Rep. Moran Loses Bid To Boost Lawmakers' Pay
WASHINGTON (AP) -- A retiring congressman has lost his quixotic bid to give members of Congress $25 a day to help with their living expenses in Washington.
Democrat Jim Moran of Virginia offered the plan as a replacement for the $2,800 cost-of-living increase that would be denied lawmakers under legislation heading to the House floor later this spring.
The House Appropriations Committee rejected Moran's measure by a voice vote as it debated the congressional budget. It got a few audible "aye" votes from the Democratic side of the committee.
Members of Congress earn $174,000 a year and are supposed to receive annual cost-of-living pay raises.
But with their approval ratings in the gutter, lawmakers have voted for five consecutive years to deny themselves the raise.
Moran -- a 12-term lawmaker who's retiring at year's end -- says Congress is at risk of becoming a bastion for the wealthy and that high rents in Washington, D.C., are a burden for lawmakers of lesser means, especially younger members with children.
"There's a legitimate fear that the House is going to be increasingly populated by two types of members," Moran said. "One will be those who come for only a couple terms before multiplying their salary in the private sector as the result of their service. And the other (would be) those who are sufficiently wealthy for whom our salary is a rounding error of their net worth."
Moran's amendment would provide $25 for every day the House is in session for any lawmaker who asks for it. Moran himself would be ineligible, since his Virginia home is just 10 miles from the Capitol.
Moran said that his office has been deluged with angry phone calls since he stood up for the pay hike last week, "almost all of them using obscene language."
Bipartisan reforms enacted in 1989 gave lawmakers a big pay increase in exchange for dropping the much-criticized practice of accepting money from outside interest groups for speeches.
That legislation also awarded lawmakers annual cost-of-living pay increases, which also meant that lawmakers no longer had to cast politically toxic votes to raise their pay.
Congress accepted the annual cost-of-living hike for some years in the 1990s and for most of the 2000s but has voted to deny itself the raise for five consecutive years.
The increase scheduled for next January was to be 1.6 percent, about $2,800 for each lawmaker. But the legislative branch appropriations bill includes no funding for an increase. Moran said that's likely to become a permanent freeze -- while the cost of maintaining a home in Washington will continue to rise.
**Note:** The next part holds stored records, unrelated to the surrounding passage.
Lemma saddle_point (C : set ('I_2 -> 'I_J -> R)) ws V :
  C ws -> (forall w, C w -> forall a i, 0 <= w a i) ->
  (forall a i, ws a i = 0 -> beta i = 0) -> 0 < V ->
  pairing ws (avar_slope ws) = V ->
  (forall w, C w -> pairing w (avar_slope ws) <= V) ->
  [/\ inner beta sigma mu ws = gap ^+ 2 / (2 * V),
      Tinv C beta sigma mu = gap ^+ 2 / (2 * V) &
      Tstar C beta sigma mu = 2 * V / gap ^+ 2].
Proof.
move=> Cws C_ge0 ws0_beta0 V_gt0 wsV C_le.
have avar_ws : avar ws = V by rewrite avarE.
have V_neq0 : avar ws != 0 by rewrite avar_ws gt_eqF.
have d_gap := sum_beta_alt_dir V_neq0.
have inner_le w : C w -> inner beta sigma mu w <= gap ^+ 2 / (2 * V).
  move=> Cw; apply: le_trans (inner_le_cost_shift (C_ge0 _ Cw) d_gap) _.
  rewrite cost_alt_dir avar_ws.
  have -> : gap ^+ 2 / (2 * V) = gap ^+ 2 / (2 * V ^+ 2) * V by field; rewrite gt_eqF.
  by rewrite ler_wpM2l ?C_le // divr_ge0 ?sqr_ge0 // mulr_ge0 // sqr_ge0.
have inner_ws : inner beta sigma mu ws = gap ^+ 2 / (2 * V).
  apply/eqP; rewrite eq_le inner_le //=; apply: lb_le_inf.
    exists (cost ws (fun a i => mu a i + 2 * alt_dir ws a i)).
    by exists (fun a i => mu a i + 2 * alt_dir ws a i) => //; apply: shift_in_Alt => //; lra.
  by move=> _ [lam Alt_lam <-]; rewrite -avar_ws; apply: cost_ge_Alt => //; apply: C_ge0.
have Tinv_C : Tinv C beta sigma mu = gap ^+ 2 / (2 * V).
  rewrite -inner_ws; apply: sup_attained; first by exists ws.
  by move=> _ [w Cw <-]; rewrite inner_ws inner_le.
by split => //; rewrite /Tstar Tinv_C invf_div.
Qed.

End GaussianBounds.

Section ActiveSampling.
Variables (R : realType) (J : nat) (beta : 'I_J -> R) (sigma mu : 'I_2 -> 'I_J -> R).
Hypothesis sigma_gt0 : forall a i, 0 < sigma a i.
Hypothesis mu_in_L : Lset beta mu.

Definition Z_active := \sum_(j < J) `|beta j| * (sigma 0 j + sigma 1 j).
Definition w_active a i := `|beta i| * sigma a i / Z_active.

Lemma Z_active_gt0 : 0 < Z_active.
Proof.
have [j beta_j] := exists_beta_neq0 mu_in_L.
apply: (psumr_gt0 (j := j)) => [i|]; rewrite ?mulr_gt0 ?mulr_ge0 ?normr_gt0 ?addr_gt0 //.
by rewrite addr_ge0 ?ltW.
Qed.

Lemma w_active_ge0 a i : 0 <= w_active a i.
Proof. by rewrite divr_ge0 ?mulr_ge0 ?normr_ge0 ?ltW ?Z_active_gt0. Qed.

Lemma w_active_eq0 a i : w_active a i = 0 -> beta i = 0.
Proof.
move/eqP; rewrite !mulf_eq0 invr_eq0 normr_eq0 (gt_eqF Z_active_gt0) (gt_eqF (sigma_gt0 a i)).
by rewrite !orbF => /eqP.
Qed.

Lemma sum_w_active : \sum_(a < 2) \sum_(i < J) w_active a i = 1.
Proof.
rewrite sum_ord2 -big_split -[RHS](divff (lt0r_neq0 Z_active_gt0)) mulr_suml.
by apply: eq_bigr => i _ /=; rewrite /w_active; ring.
Qed.

Lemma avar_slope_active a i :
  avar_slope beta sigma w_active a i = (beta i != 0)%:R * Z_active ^+ 2.
Proof.
rewrite /avar_slope /w_active; have [->|beta_i] := eqVneq (beta i) 0.
  by rewrite expr0n /= !mul0r.
rewrite mul1r -(real_normK (num_real (beta i))); field.
by rewrite (lt0r_neq0 Z_active_gt0) (lt0r_neq0 (sigma_gt0 a i)) normr_eq0 beta_i.
Qed.

Lemma pairing_active_le w : C_active w ->
  pairing w (avar_slope beta sigma w_active) <= Z_active ^+ 2.
Proof.
move=> [w_ge0 w_sum1]; rewrite -[leRHS]mulr1 -w_sum1 mulr_sumr.
apply: ler_sum => a _; rewrite mulr_sumr; apply: ler_sum => i _.
rewrite avar_slope_active mulrC ler_wpM2r //.
by rewrite -[leRHS]mul1r ler_wpM2r ?sqr_ge0 // lern1 leq_b1.
Qed.

Lemma pairing_active_eq : pairing w_active (avar_slope beta sigma w_active) = Z_active ^+ 2.
Proof.
rewrite -[RHS]mulr1 -sum_w_active mulr_sumr; apply: eq_bigr => a _.
rewrite mulr_sumr; apply: eq_bigr => i _; rewrite avar_slope_active.
have [beta0|beta_i] := eqVneq (beta i) 0.
  by rewrite /w_active beta0 normr0 !mul0r mulr0.
by rewrite mul1r mulrC.
Qed.

Lemma active_optimal :
  Tstar (@C_active R J) beta sigma mu = 2 * Z_active ^+ 2 / gap beta mu ^+ 2
  /\ C_active w_active
  /\ inner beta sigma mu w_active = Tinv (@C_active R J) beta sigma mu.
Proof.
have C_w : C_active w_active by split; [exact: w_active_ge0 | exact: sum_w_active].
have [inner_w Tinv_C Tstar_C] := saddle_point sigma_gt0 mu_in_L C_w (fun w Cw => proj1 Cw)
  w_active_eq0 (exprn_gt0 2 Z_active_gt0) pairing_active_eq pairing_active_le.
by rewrite inner_w Tinv_C.
Qed.

End ActiveSampling.

Section ProportionalSampling.
Variables (R : realType) (J : nat) (alpha beta : 'I_J -> R) (sigma mu : 'I_2 -> 'I_J -> R).
Hypothesis alpha_gt0 : forall i, 0 < alpha i.
Hypothesis alpha_sum1 : \sum_(i < J) alpha i = 1.
Hypothesis sigma_gt0 : forall a i, 0 < sigma a i.
Hypothesis mu_in_L : Lset beta mu.

Definition V_prop := \sum_(i < J) beta i ^+ 2 / alpha i * (sigma 0 i + sigma 1 i) ^+ 2.
Definition w_prop a i := alpha i * sigma a i / (sigma 0 i + sigma 1 i).

Let alpha_neq0 i : alpha i != 0. Proof. exact: lt0r_neq0. Qed.
Let sigma_neq0 a i : sigma a i != 0. Proof. exact: lt0r_neq0. Qed.
Let sigma_sum_neq0 i : sigma 0 i + sigma 1 i != 0.
Proof. by rewrite lt0r_neq0 ?addr_gt0. Qed.

Lemma V_prop_gt0 : 0 < V_prop.
Proof.
have [j beta_j] := exists_beta_neq0 mu_in_L.
apply: (psumr_gt0 (j := j)) => [i|].
  by rewrite mulr_ge0 ?sqr_ge0 // divr_ge0 ?sqr_ge0 ?ltW.
by rewrite mulr_gt0 ?divr_gt0 ?exprn_even_gt0 ?sigma_sum_neq0.
Qed.

Lemma w_prop_gt0 a i : 0 < w_prop a i.
Proof. by rewrite divr_gt0 ?mulr_gt0 ?addr_gt0. Qed.

Lemma w_prop_in_C : C_prop alpha w_prop.
Proof.
have w_prop_sum i : w_prop 0 i + w_prop 1 i = alpha i by rewrite /w_prop; field.
split=> //; split => [a i|]; first exact/ltW/w_prop_gt0.
by rewrite sum_ord2 -big_split -alpha_sum1; apply: eq_bigr => i _ /=.
Qed.

Lemma avar_slope_prop a i :
  avar_slope beta sigma w_prop a i = beta i ^+ 2 * (sigma 0 i + sigma 1 i) ^+ 2 / alpha i ^+ 2.
Proof. by rewrite /avar_slope /w_prop; field; rewrite alpha_neq0 sigma_neq0 sigma_sum_neq0. Qed.

Lemma pairing_prop w : C_prop alpha w -> pairing w (avar_slope beta sigma w_prop) = V_prop.
Proof.
move=> [_ w_alpha]; rewrite /pairing sum_ord2 -big_split; apply: eq_bigr => i _ /=.
by rewrite !avar_slope_prop -mulrDl w_alpha; field.
Qed.

Lemma prop_optimal :
  Tstar (C_prop alpha) beta sigma mu = 2 * V_prop / gap beta mu ^+ 2
  /\ C_prop alpha w_prop
  /\ inner beta sigma mu w_prop = Tinv (C_prop alpha) beta sigma mu.
Proof.
have w_prop_eq0 a i : w_prop a i = 0 -> beta i = 0.
  by move=> w0; move: (w_prop_gt0 a i); rewrite w0 ltxx.
have pairing_le w : C_prop alpha w -> pairing w (avar_slope beta sigma w_prop) <= V_prop.
  by move/pairing_prop ->.
have C_w := w_prop_in_C.
have [inner_w Tinv_C Tstar_C] := saddle_point sigma_gt0 mu_in_L C_w
  (fun w Cw => proj1 (proj1 Cw)) w_prop_eq0 V_prop_gt0 (pairing_prop C_w) pairing_le.
by rewrite inner_w Tinv_C.
Qed.

End ProportionalSampling.

Section AgnosticSampling.
Variables (R : realType) (J : nat) (alpha beta : 'I_J -> R) (sigma mu : 'I_2 -> 'I_J -> R).
Hypothesis alpha_gt0 : forall i, 0 < alpha i.
Hypothesis sigma_gt0 : forall a i, 0 < sigma a i.
Hypothesis mu_in_L : Lset beta mu.

Definition sd_agnostic a := Num.sqrt (\sum_(j < J) beta j ^+ 2 * sigma a j ^+ 2 / alpha j).
Definition w_agnostic a i := alpha i * sd_agnostic a / (sd_agnostic 0 + sd_agnostic 1).

Let alpha_neq0 i : alpha i != 0. Proof. exact: lt0r_neq0. Qed.

Let var_term_ge0 a j : 0 <= beta j ^+ 2 * sigma a j ^+ 2 / alpha j.
Proof. exact: divr_ge0 (mulr_ge0 (sqr_ge0 _) (sqr_ge0 _)) (ltW (alpha_gt0 j)). Qed.

Lemma sd_agnostic_sqr a : sd_agnostic a ^+ 2 = \sum_(j < J) beta j ^+ 2 * sigma a j ^+ 2 / alpha j.
Proof. by rewrite sqr_sqrtr ?sumr_ge0. Qed.

Lemma sd_agnostic_gt0 a : 0 < sd_agnostic a.
Proof.
have [j beta_j] := exists_beta_neq0 mu_in_L.
rewrite sqrtr_gt0; apply: (psumr_gt0 (j := j)) => //.
by rewrite divr_gt0 // mulr_gt0 // exprn_even_gt0 // lt0r_neq0.
Qed.

Let sd_agnostic_neq0 a : sd_agnostic a != 0. Proof. exact/lt0r_neq0/sd_agnostic_gt0. Qed.
Let sd_agnostic_sum_gt0 : 0 < sd_agnostic 0 + sd_agnostic 1. Proof. by rewrite addr_gt0 ?sd_agnostic_gt0. Qed.
Let sd_agnostic_sum_neq0 : sd_agnostic 0 + sd_agnostic 1 != 0. Proof. exact: lt0r_neq0. Qed.

Lemma w_agnostic_gt0 a i : 0 < w_agnostic a i.
Proof. by rewrite divr_gt0 ?mulr_gt0 ?sd_agnostic_gt0. Qed.

Lemma w_agnostic_in_C : C_agnostic alpha w_agnostic.
Proof.
exists (fun a => sd_agnostic a / (sd_agnostic 0 + sd_agnostic 1)); split; last by move=> a i; rewrite mulrA.
split; first by move=> a; rewrite divr_ge0 ?ltW ?sd_agnostic_gt0.
by rewrite sum_ord2 -mulrDl divff.
Qed.

Lemma pairing_agnostic w : C_agnostic alpha w ->
  pairing w (avar_slope beta sigma w_agnostic) = (sd_agnostic 0 + sd_agnostic 1) ^+ 2.
Proof.
move=> [u [[_ u_sum1] w_u]]; rewrite -[RHS]mul1r -u_sum1 mulr_suml /pairing.
apply: eq_bigr => a _.
transitivity (u a * (sd_agnostic 0 + sd_agnostic 1) ^+ 2 / sd_agnostic a ^+ 2 *
              \sum_(j < J) beta j ^+ 2 * sigma a j ^+ 2 / alpha j).
  rewrite mulr_sumr; apply: eq_bigr => i _; rewrite w_u /avar_slope /w_agnostic.
  by field; rewrite alpha_neq0 sd_agnostic_neq0 sd_agnostic_sum_neq0.
by rewrite -sd_agnostic_sqr; field.
Qed.

Lemma agnostic_optimal :
  Tstar (C_agnostic alpha) beta sigma mu =
    2 * (sd_agnostic 0 + sd_agnostic 1) ^+ 2 / gap beta mu ^+ 2
  /\ C_agnostic alpha w_agnostic
  /\ inner beta sigma mu w_agnostic = Tinv (C_agnostic alpha) beta sigma mu.
Proof.
have C_ge0 w : C_agnostic alpha w -> forall a i, 0 <= w a i.
  by move=> [u [[u_ge0 _] w_u]] a i; rewrite w_u mulr_ge0 ?u_ge0 // ltW.
have w_agnostic_eq0 a i : w_agnostic a i = 0 -> beta i = 0.
  by move=> w0; move: (w_agnostic_gt0 a i); rewrite w0 ltxx.
have pairing_le w : C_agnostic alpha w ->
    pairing w (avar_slope beta sigma w_agnostic) <= (sd_agnostic 0 + sd_agnostic 1) ^+ 2.
  by move/pairing_agnostic ->.
have C_w := w_agnostic_in_C.
have [inner_w Tinv_C Tstar_C] := saddle_point sigma_gt0 mu_in_L C_w C_ge0 w_agnostic_eq0
  (exprn_gt0 2 sd_agnostic_sum_gt0) (pairing_agnostic C_w) pairing_le.
by rewrite inner_w Tinv_C.
Qed.

End AgnosticSampling.

Theorem proposition2 (R : realType) (J : nat) (hJ : (0 < J)%N)
  (alpha beta : 'I_J -> R) (sigma mu : 'I_2 -> 'I_J -> R)
  (halpha_pos : forall i, 0 < alpha i) (halpha_sum : \sum_(i < J) alpha i = 1)
  (hsigma : forall a i, 0 < sigma a i)
  (hmu : Lset beta mu) :
  let Delta1 := wmean beta mu 0 - wmean beta mu 1 in
  let s := fun a : 'I_2 =>
    Num.sqrt (\sum_(j < J) beta j ^+ 2 * sigma a j ^+ 2 / alpha j) in
  let wag := fun (a : 'I_2) (i : 'I_J) => alpha i * s a / (s 0 + s 1) in
  let wpr := fun (a : 'I_2) (i : 'I_J) => alpha i * sigma a i / (sigma 0 i + sigma 1 i) in
  let Z := \sum_(j < J) `|beta j| * (sigma 0 j + sigma 1 j) in
  let wac := fun (a : 'I_2) (i : 'I_J) => `|beta i| * sigma a i / Z in
  [/\
   (* (1) agnostic *)
   Tstar (C_agnostic alpha) beta sigma mu = 2 * (s 0 + s 1) ^+ 2 / Delta1 ^+ 2
   /\ C_agnostic alpha wag
   /\ inner beta sigma mu wag = Tinv (C_agnostic alpha) beta sigma mu,
   (* (2) proportional *)
   Tstar (C_prop alpha) beta sigma mu =
     2 * (\sum_(i < J) beta i ^+ 2 / alpha i * (sigma 0 i + sigma 1 i) ^+ 2)
       / Delta1 ^+ 2
   /\ C_prop alpha wpr
   /\ inner beta sigma mu wpr = Tinv (C_prop alpha) beta sigma mu
  & (* (3) active *)
   Tstar (@C_active R J) beta sigma mu = 2 * Z ^+ 2 / Delta1 ^+ 2
   /\ C_active wac
   /\ inner beta sigma mu wac = Tinv (@C_active R J) beta sigma mu].
Proof.
split.
- exact: agnostic_optimal halpha_pos hsigma hmu.
- exact: prop_optimal halpha_pos halpha_sum hsigma hmu.
- exact: active_optimal hsigma hmu.
Qed.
"We need a diversity of perspective in the House," Moran said. "Don't we want a 30-something physician or district attorney or city council member or small business owner, somebody who may have a new home mortgage or young children or unpaid student loan debt to realistically be able to consider a congressional House seat?"
Rep. Tom Cole, R-Okla., said Moran has a legitimate point about "long-term institutional issues" and that it's a conversation that lawmakers should have.
Most state legislatures provide per diem payments to their members to cover the cost of lodging in state capitals.